=== Task goal ===
Within the material below, transcribe exactly the lines from the one holding "- by rewrite -gf_h //; apply: gf_h_rec." through the one holding "have -> : / D", keeping both ends and skipping the rest.

=== Data section ===
Theorem mainTheorem3 (k : nat) (hk : (2 <= k)%nat) :
  exists r : R, (0 < r)%R /\
  forall x : R, (0 < Rabs x < r)%R ->
    let y := (- ((1 + x) / (2 * x)))%R in
    let D := (1 - INR k * x / (1 + 3 * x)
              - (2 * x ^ 2) / ((1 + 3 * x) ^ 2)
                * ((U k y - U (k - 1) y - 1) / U k y))%R in
    (1 + 3 * x <> 0)%R /\ U k y <> 0%R /\ D <> 0%R /\
    infinite_sum (fun n => (INR (h n k) * x ^ n)%R) (/ D)%R.
Proof.
have k_gt0 : (0 < k)%nat by apply: leq_trans hk.
have k_ge2 : 2 <= INR k by apply/(le_INR 2)/leP.
exists (/ (4 * INR k)); split=> [|x [x_pos x_lt] y D].
  by apply: Rinv_0_lt_compat; lra.
have hkx : INR k * Rabs x < 1 / 4.
  have -> : 1 / 4 = INR k * / (4 * INR k) by field; lra.
  by apply: Rmult_lt_compat_l; lra.
have x_neq0 : x <> 0 by move=> x0; rewrite x0 Rabs_R0 in x_pos; lra.
have h3 : 1 + 3 * x <> 0 by move=> e; have := Rle_abs (- x); rewrite Rabs_Ropp; nra.
have hU : U k y <> 0 by apply/U_neq0/chebyshev_arg_ge => //; nra.
have hxy : 2 * x * y = - (1 + x) by rewrite /y; field.
have hkx1 : INR k * Rabs x < 1 by lra.
have HD : gf (fun n => h n k) x * D = 1.
  rewrite gf_h //.
  apply: (transfer_inverse (G := fun j => gf (fun n => hz_start k n j) x)) => //.
  - exact: gf_hz_start_out.
  - by apply: gf_hz_start_out; rewrite ltnn andbF.
  - exact: gf_hz_start_rec.
  - by rewrite -gf_h //; apply: gf_h_rec.
have D_neq0 : D <> 0 by move=> D0; rewrite D0 Rmult_0_r in HD; lra.
do 3!split=> //.
have -> : / D = gf (fun n => h n k) x by apply: (Rmult_eq_reg_r D) => //; rewrite Rinv_l.
apply/is_pseries_Reals/PSeries_correct/(ex_pseries_nat_le (c := 1%nat) _ hkx1) => n.
by rewrite mul1n h_le.
Qed.
Lemma flip_correlation_neighbourhood i : i \notin L ->
  flip_correlation psi i (nbhd G e i :\: L) = (i \notin lost_region)%:R.
Proof.
have fixed j : signed_flip j (nbhd G e j) *m psi = psi by rewrite -stab_signed_flip.
have notin_nbhd j : j \notin nbhd G e j by rewrite inE e_irr andbF.
move=> iL; case: lost_regionP => [[l lL /orP[/eqP il|eli]]|far] /=.
- by move: iL; rewrite il lL.
- apply: (flip_correlation_zero (fixed l)); rewrite ?inE ?lL ?eli ?e_irr ?andbF //.
  by apply: contraNneq iL => ->.
- have -> : nbhd G e i :\: L = nbhd G e i.
    apply/setP => j; rewrite !inE; case: (boolP (j \in L)) => //= jL.
    by case eij: (e i j) => //; case: far; exists j; rewrite // e_sym eij orbT.
  exact: flip_correlation_one (fixed i) (notin_nbhd i) norm1.
Qed.

Lemma expect_stab_post_loss (Vs : {set 'I_N}) i : ~: L \subset Vs ->
  expect (stab Vs e i) (postloss L psi) = (i \notin lost_region)%:R.
Proof.
move=> keptVs; rewrite stab_signed_flip; case: (boolP (i \in L)) => iL.
  by rewrite expect_signed_flip_lost // lost_in_region.
rewrite expect_signed_flip_kept // -flip_correlation_neighbourhood //; congr flip_correlation.
apply/setP => j; rewrite !inE; case: (boolP (j \in L)) => //= jL.
by rewrite (subsetP keptVs) // inE.
Qed.

Lemma expect_Istar_post_loss (Vs : {set 'I_N}) r : ~: L \subset Vs -> r \in Vs ->
  expect (Istar Vs e r) (postloss L psi) =
    sqrtC 2 * (nmax Vs e)%:R * (r \notin lost_region)%:R
    + sqrtC 2 * #|nbhd G e r :\: lost_region|%:R + #|~: (lost_region :|: cnbhd G e r)|%:R.
Proof.
move=> keptVs rVs; rewrite (expect_Istar (X := lost_region) rVs) => [|i _]; last first.
  exact: expect_stab_post_loss.
have inVs j : j \notin lost_region -> j \in Vs.
  by move=> jX; apply: (subsetP keptVs); rewrite inE; apply: contra jX; apply: lost_in_region.
have -> : nbhd Vs e r :\: lost_region = nbhd G e r :\: lost_region.
  by apply/setP => j; rewrite !inE; case: (boolP (j \in lost_region)) => //= /inVs ->.
have -> // : Vs :\: cnbhd Vs e r :\: lost_region = ~: (lost_region :|: cnbhd G e r).
by apply/setP => j; rewrite !inE; case: (boolP (j \in lost_region)) => //= /inVs ->; rewrite andbT.
Qed.

Lemma root_lost r : (r \in lost_region) = (cnbhd G e r :&: L != set0).
Proof.
apply/lost_regionP/set0Pn => [[l lL rl]|[l /setIP[rl lL]]]; exists l; rewrite ?inE ?lL ?andbT //.
  by case/orP: rl => [/eqP ->|elr]; rewrite ?eqxx // e_sym elr orbT.
by move: rl; rewrite !inE => /orP[/eqP ->|/= erl]; rewrite ?eqxx // e_sym erl orbT.
Qed.

End GraphStateLoss.

(* If the closed neighbourhood of a root r of G avoids L, deleting L keeps r of
   full degree, so G' has the same maximum degree as G. *)
Lemma nmax_kept N (e : rel 'I_N) (L : {set 'I_N}) r :
  #|nbhd [set: 'I_N] e r| = nmax [set: 'I_N] e -> cnbhd [set: 'I_N] e r :&: L == set0 ->
  nmax (~: L) e = nmax [set: 'I_N] e.
Proof.
move=> root /eqP safe.
have kept j : j \in cnbhd [set: 'I_N] e r -> j \notin L.
  by move=> jr; apply/negP => jL; have := in_set0 j; rewrite -safe inE jr jL.
have same_nbhd : nbhd (~: L) e r = nbhd [set: 'I_N] e r.
  apply/setP => j; rewrite !inE; case erj: (e r j); rewrite ?andbF // andbT.
  by apply: kept; rewrite !inE erj orbT.
apply/eqP; rewrite eqn_leq; apply/andP; split.
  apply/bigmax_leqP => i _; apply: leq_trans (leq_bigmax_cond i (in_setT i)).
  by apply: subset_leq_card; apply/subsetP => j; rewrite !inE => /andP[_ ->].
rewrite -root -same_nbhd; apply: (leq_bigmax_cond r).
by rewrite inE kept // setU11.
Qed.

Theorem theorem1 (N : nat) (e : rel 'I_N) (He_sym : symmetric e) (He_irr : irreflexive e)
  (L : {set 'I_N}) (psi : 'cV[algC]_(qdim N))
  (Hnorm : normalized psi)
  (Hstab : forall i : 'I_N, stab [set: 'I_N] e i *m psi = psi)
  (r : 'I_N) (Hroot : #|nbhd [set: 'I_N] e r| = nmax [set: 'I_N] e)
  (HrL : r \notin L) :
  let G := [set: 'I_N] in
  let rho := postloss L psi in
  let lostN := \bigcup_(l in L) cnbhd G e l in
  let W := nbhd G e r :\: lostN in
  let T := ~: (lostN :|: cnbhd G e r) in
  expect (Istar G e r) rho = expect (Istar (~: L) e r) rho /\
  expect (Istar (~: L) e r) rho =
    (if cnbhd G e r :&: L == set0
     then sqrtC 2 * (nmax G e)%:R + sqrtC 2 * #|W|%:R + #|T|%:R
     else sqrtC 2 * #|W|%:R + #|T|%:R).
Proof.
move=> G rho lostN W T.
have Istar_value (Vs : {set 'I_N}) : ~: L \subset Vs -> r \in Vs -> expect (Istar Vs e r) rho =
    sqrtC 2 * (nmax Vs e)%:R * (r \notin lostN)%:R + sqrtC 2 * #|W|%:R + #|T|%:R.
  exact: (expect_Istar_post_loss He_sym He_irr Hnorm Hstab).
rewrite !Istar_value ?subsetT ?in_setT ?inE //.
have -> : (r \in lostN) = (cnbhd G e r :&: L != set0) by exact: root_lost.
case: ifP => safe /=; last by rewrite !mulr0 !add0r.
by rewrite (nmax_kept Hroot safe) !mulr1.
Qed.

=== Task output ===
  - by rewrite -gf_h //; apply: gf_h_rec.
have D_neq0 : D <> 0 by move=> D0; rewrite D0 Rmult_0_r in HD; lra.
do 3!split=> //.
have -> : / D = gf (fun n => h n k) x by apply: (Rmult_eq_reg_r D) => //; rewrite Rinv_l.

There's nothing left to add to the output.